General characteristics
- Class & type: Motor yacht
- Tonnage: 1,052 GT
- Length: 60.35 m (198 ft 0 in)
- Beam: 10.8 m (35 ft 5 in)
- Draught: 3.3 m (10 ft 10 in)
- Propulsion: 2 x MTU 12V 4000 M53R; 2 x 1.140 kW (1.529 hp);
- Capacity: 10 persons
- Crew: 13

= ROCK.IT (yacht) =

Dutch superyacht

ROCK.IT is a 60.35 m superyacht launched at the Feadship yard in Aalsmeer. The yacht was designed by Dutch design company Sinot Exclusive Yacht Design, which also worked with Feadship on the 88 m twins and . The yacht is currently owned by The Yacht Company based in Monaco. The yacht was previously owned by Jimmy John Liautaud, who was involved in the design process. Liautaud sold the yacht in June 2023. As of 2024, the yacht was available on Charterworld for paid charters.

== Design and description ==
ROCK.IT has a length of 60.35 m, a 10.8 m beam, and a draught of 3.3 m. The hull is built out of steel while the material of the superstructure is made out of aluminium with teak laid decks. The yacht is Lloyd's registered, issued by Cayman Islands.

ROCK.IT is powered by twin MTU 12V 4000 M53R diesel engines, giving her a combined power of 2280 kW. She has a fuel capacity of 120000 L, a water capacity of 24000 L, and a range of 5300 nmi at 12 kn. She also features at-anchor stabilizers.

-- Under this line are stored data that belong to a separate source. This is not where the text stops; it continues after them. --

Lemma g_incr v w : v < w -> w < n -> (g w < g v -> h (g w) < h (g v)) -> g v < g w.
Proof.
move=> vw wn h_incr; have vn := ltn_trans vw wn.
case: (ltngtP (g v) (g w)) => [//|gt|eq].
- by have := h_incr gt; rewrite !gK //; lia.
- by have := congr1 h eq; rewrite !gK //; lia.
Qed.

Lemma fixed_after y : y < n -> (forall i, i <= y -> h i <= y) ->
  (forall i j, y < i -> i < j -> j < n -> h i < h j) ->
  forall i, y < i -> i < n -> h i = i.
Proof.
move=> yn h_le h_incr.
(* The positions up to y already take all the values up to y. *)
have h_gt i : y < i -> i < n -> y < h i.
  move=> yi iln; rewrite ltnNge; apply/negP => hiy.
  have h_inj_y j k : j < y.+1 -> k < y.+1 -> h j = h k -> j = k.
    by move=> jy ky; apply: h_inj; apply: leq_trans yn.
  have [j jy hj] := inj_onto (m := y.+1) h_le h_inj_y hiy.
  by have := h_inj (leq_trans jy yn) iln hj; lia.
have g_gt v : y < v -> v < n -> y < g v.
  move=> yv vn; rewrite ltnNge; apply/negP => /h_le; rewrite gK //; lia.
move=> i yi iln; have n1 : n.-1 < n by lia.
have h_le_id : h i <= i.
  have h_top a b : i <= a -> a < b -> b <= n.-1 -> h a < h b.
    by move=> ia ab bn; apply: h_incr; lia.
  by have := incr_gap h_top ltac:(lia); have := h_lt n1; lia.
have id_le_h : i <= h i.
  have yhi := h_gt i yi iln; have hin := h_lt iln.
  have g_top a b : h i <= a -> a < b -> b <= n.-1 -> g a < g b.
    move=> ia ab bn; apply: g_incr => // [|gba]; first by lia.
    by apply: h_incr => //; [apply: g_gt | apply: g_lt]; lia.
  by have := incr_gap g_top ltac:(lia); rewrite hK //; have := g_lt n1; lia.
lia.
Qed.

Lemma twist_of_prefix x y : x < y -> y < n ->
  (forall i, i <= y -> h i = twist x y i) ->
  (forall i j, y < i -> i < j -> j < n -> h i < h j) ->
  forall i, i < n -> h i = twist x y i.
Proof.
move=> xy yn h_prefix h_incr i iln.
case: (leqP i y) => [/h_prefix // | yi].
rewrite twist_id // (fixed_after yn) // => j jy.
by rewrite h_prefix // twist_le.
Qed.

Lemma identity_or_first_moved : (forall i, i < n -> h i = i) \/
  exists a, [/\ a < n, forall i, i < a -> h i = i & a < h a].
Proof.
case: (boolP [exists i : 'I_n, h i != i]) => [ex_moved | /existsPn all_fixed]; last first.
  by left=> i iln; apply/eqP; rewrite -[i]/(val (Ordinal iln)) (negbNE (all_fixed _)).
have moved_ex : exists a, (a < n) && (h a != a).
  by case/existsP: ex_moved => i hi; exists i; rewrite ltn_ord.
right; case: (ex_minnP moved_ex) => a /andP[an /eqP ha] a_min.
have fixed_below i : i < a -> h i = i.
  move=> ia; case: (eqVneq (h i) i) => // hi.
  by have := a_min i; rewrite hi (ltn_trans ia an) => /(_ isT); lia.
exists a; split=> //; case: (ltngtP a (h a)) => [// | ha_lt | /esym/ha //].
by have := h_inj (h_lt an) an; rewrite fixed_below //; lia.
Qed.

Section FirstMoved.
Variable a : nat.
Hypotheses (a_lt_n : a < n) (fixed_below : forall i, i < a -> h i = i) (a_lt_ha : a < h a).

Lemma first_le_value i : a <= i -> i < n -> a <= h i.
Proof.
move=> ai iln; rewrite leqNgt; apply/negP => hia.
by have := h_inj (h_lt iln) iln (fixed_below hia); lia.
Qed.

Lemma first_lt_pos v : a <= v -> v < n -> v != h a -> a < g v.
Proof.
move=> av vn v_ne; rewrite ltn_neqAle eq_sym g_eqE // eq_sym v_ne /=.
rewrite leqNgt; apply/negP => gva.
by have := fixed_below gva; rewrite gK //; lia.
Qed.

Lemma succ_first : a.+1 < n /\ h a.+1 = a.
Proof.
have ha_n := h_lt a_lt_n.
have p_gt : a < g a by apply: first_lt_pos => //; lia.
have a1n : a.+1 < n by have := g_lt a_lt_n; lia.
split=> //.
have j_gt : a < g (h a).-1 by apply: first_lt_pos; lia.
(* An ascent at a would be a Fishburn pattern with the position of h a - 1. *)
have lt_ha : h a.+1 < h a.
  case: (ltngtP (h a.+1) (h a)) => // [gt | eq].
  - by exfalso; apply: (no_fishburn a1n j_gt (g_lt _)); rewrite ?gK; lia.
  - by have := h_inj a1n a_lt_n eq; lia.
have : h a.+1 <= a.
  rewrite leqNgt; apply/negP => a_lt.
  have p_ne : g a != a.+1 by rewrite g_eqE //; lia.
  have p_gt' : a.+1 < g a by lia.
  by apply: (no321 (ltnSn a) p_gt' (g_lt a_lt_n)); rewrite ?gK.
by have := first_le_value (leqnSn a) a1n; lia.
Qed.

Lemma transposition_case : h a = a.+1 -> forall i, i < n -> h i = twist a a.+1 i.
Proof.
move=> ha; have [a1n ha1] := succ_first.
apply: twist_of_prefix => // [i ia1 | i j a1i ij jn].
  rewrite /twist eqxx; case: ifP => [/eqP -> // | /negbT ia].
  by case: ifP => [/eqP -> // | /negbT ia1']; apply: fixed_below; lia.
have big j' : a.+1 < j' -> j' < n -> a.+1 < h j'.
  move=> a1j j'n; have := first_le_value (ltnW (ltnW a1j)) j'n.
  by have := h_inj j'n a1n; have := h_inj j'n a_lt_n; rewrite ha ha1; lia.
have hi := big i a1i (ltn_trans ij jn); have hj := big j (ltn_trans a1i ij) jn.
case: (ltngtP (h i) (h j)) => // [gt | eq].
- by exfalso; apply: (no2143 (ltnSn a) a1i ij jn); rewrite ?ha ?ha1; lia.
- by have := h_inj (ltn_trans ij jn) jn eq; lia.
Qed.

Lemma first_moved_zero : a.+1 < h a -> a = 0.
Proof.
move=> a1_lt; have [a1n ha1] := succ_first.
(* Otherwise 0, a, a.+1 and the position of a.+1 form a 1423. *)
case: (posnP a) => // a_pos; exfalso.
have qn : a.+1 < n by have := h_lt a_lt_n; lia.
have q_ne : g a.+1 != a.+1 by rewrite g_eqE // ha1; lia.
have q_gt : a.+1 < g a.+1.
  by have := first_lt_pos (leqnSn a) qn ltac:(lia); lia.
apply: (no1423 a_pos (ltnSn a) q_gt (g_lt qn)); rewrite ?gK ?ha1 ?(fixed_below a_pos); lia.
Qed.

End FirstMoved.

Section CycleCase.
Variable k : nat.
Hypotheses (one_lt_n : 1 < n) (h0 : h 0 = k) (h1 : h 1 = 0) (one_lt_k : 1 < k).
Local Notation L := (g k.-1).

Lemma k_lt_n : k < n.
Proof. by rewrite -h0; apply/h_lt/ltnW. Qed.

Lemma g_zero : g 0 = 1.
Proof. by have := hK one_lt_n; rewrite h1. Qed.

Lemma small_incr i j : 0 < i -> i < j -> j < n -> h i < k -> h j < k -> h i < h j.
Proof.
move=> i0 ij jn hik hjk; case: (ltngtP (h i) (h j)) => // [gt | eq].
- by exfalso; apply: (no321 i0 ij jn gt); rewrite h0.
- by have := h_inj (ltn_trans ij jn) jn eq; lia.
Qed.

Lemma big_incr i j : 1 < i -> i < j -> j < n -> k < h i -> k < h j -> h i < h j.
Proof.
move=> i1 ij jn hik hjk; case: (ltngtP (h i) (h j)) => // [gt | eq].
- by exfalso; apply: (no2143 (ltn0Sn 0) i1 ij jn); rewrite ?h0 ?h1; lia.
- by have := h_inj (ltn_trans ij jn) jn eq; lia.
Qed.

Lemma small_pos_incr v w : v < w -> w < k -> g v < g w.
Proof.
move=> vw wk; have wn := ltn_trans wk k_lt_n; have vn := ltn_trans vw wn.
have gw0 : g w != 0 by rewrite g_eqE ?h0 //; lia.
apply: g_incr => // gwv.
by apply: small_incr; rewrite ?gK ?g_lt //; lia.
Qed.

Lemma big_pos_incr v w : k < v -> v < w -> w < n -> g v < g w.
Proof.
move=> kv vw wn; have vn := ltn_trans vw wn.
have gw0 : g w != 0 by rewrite g_eqE ?h0 //; lia.
have gw1 : g w != 1 by rewrite g_eqE ?h1 //; lia.
apply: g_incr => // gwv.
by apply: big_incr; rewrite ?gK ?g_lt //; lia.
Qed.

Lemma no_big_before_small q r : 1 < q -> q < r -> r < n -> k < h q -> h r < k.-1 -> False.
Proof.
move=> q1 qr rn kq rk; have hr1n : (h r).+1 < n by have := k_lt_n; lia.
have hr0 : h r != 0 by rewrite -h1 h_inj_eq //; lia.
have rt : r < g (h r).+1.
  by have := small_pos_incr (ltnSn (h r)) ltac:(lia); rewrite hK.
by apply: (no1423 q1 qr rt (g_lt hr1n)); rewrite ?gK ?h1 //; lia.
Qed.

Lemma prefix_small i : 0 < i -> i < k -> h i < k.-1.
Proof.
move=> i0 ik; have kn := k_lt_n; have iln : i < n by lia.
have k2n : k.-2 < n by lia.
have hm : h (g k.-2) = k.-2 := gK k2n.
have m_ge : k.-1 <= g k.-2.
  have g_small v w : 0 <= v -> v < w -> w <= k.-2 -> g v < g w.
    by move=> _ vw wk; apply: small_pos_incr; lia.
  by have := incr_gap g_small (leq0n _); rewrite g_zero; lia.
have m_lt_L : g k.-2 < L by apply: small_pos_incr; lia.
(* i <= g k.-2 < L, and no value above k may precede the value k-2. *)
have hi_k : h i != k by rewrite -h0 h_inj_eq //; lia.
have hi_k1 : h i != k.-1 by rewrite -g_eqE //; lia.
case: (ltnP (h i) k.-1) => // hi_ge; exfalso.
have hik : k < h i by lia.
have im : i != g k.-2 by apply: contraTneq hik => ->; rewrite hm; lia.
have i1 : i != 1 by apply: contraTneq hik => ->; rewrite h1.
apply: (no_big_before_small _ _ (g_lt k2n) hik); rewrite ?hm; lia.
Qed.

Lemma prefix_values i : 0 < i -> i < k -> h i = i.-1.
Proof.
move=> i0 ik; have iln : i < n by have := k_lt_n; lia.
have lower : i.-1 <= h i.
  have h_small a b : 1 <= a -> a < b -> b <= i -> h a < h b.
    by move=> a1 ab bi; apply: small_incr; try lia;
      apply: ltn_trans (prefix_small _ _) _; lia.
  by have := incr_gap h_small i0; rewrite h1; lia.
have upper : h i <= i.-1.
  have hik := prefix_small i0 ik.
  have g_small v w : 0 <= v -> v < w -> w <= h i -> g v < g w.
    by move=> _ vw wi; apply: small_pos_incr; lia.
  by have := incr_gap g_small (leq0n _); rewrite hK // g_zero; lia.
lia.
Qed.

Lemma k_le_L : k <= L.
Proof.
have hk1 : h k.-1 = k.-2 by rewrite prefix_values //; lia.
have := small_pos_incr (v := k.-2) (w := k.-1) ltac:(lia) ltac:(lia).
by rewrite -hk1 hK //; have := k_lt_n; lia.
Qed.

Lemma big_after i : k <= i -> i < n -> i != L -> k < h i.
Proof.
move=> ki iln iL; have kn := k_lt_n.
have hi_k : h i != k by rewrite -h0 h_inj_eq //; lia.
have hi_k1 : h i != k.-1 by apply: contra iL => /eqP <-; rewrite hK.
case: (ltnP (h i) k.-1) => [small|]; last by lia.
have := prefix_values (i := (h i).+1) (ltn0Sn _) ltac:(lia) => /= /(h_inj _ iln).
by have := h_lt iln; lia.
Qed.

ROCK.IT can accommodate up to ten guests with four guest staterooms plus the owner’s stateroom. There are six crew cabins that accommodate thirteen crew members. The lower deck houses storage rooms, laundry, the galley and the crew mess.

The yacht has three bars and a variety of dining options. ROCK.IT also has multiple outdoor lounges, including a sun deck with seating and a Jacuzzi flanked by sun pads.

==Usage==
ROCK.IT logged over 17000 nmi in the first nine months after delivery, and almost 40000 nmi as of September 2017. ROCK.IT sailed to destinations in the Americas including Bermuda, the Keys, Panama, Costa Rica, Mexico, Montauk, Galápagos, and others. ROCK.IT hosted a number of famous guests, including Kid Rock.

== Awards and recognition ==
ROCK.IT was a finalist in the World Superyacht Awards 2015, Displacement Motor Yachts of 500GT to 1,299GT category, as well as in the Showboat Design Awards 2016, Interior Design Award – Motor Yacht over 500GT and Naval Architecture Award – Displacement Motor Yacht categories.

ROCK.IT was featured in a number of publications, including Boat International, Show Boats International, and The Superyacht Report.

== July 2024 ==
On July 28, 2024, people aboard ROCK.IT attempted to hold a private party on a protected beach of Talmone in Palau, Sardinia, Italy. The ship's crew set up gazebos, a beach volleyball net, a DJ set, and lit fires. The Harbour Office intervened to order the beach to be cleared.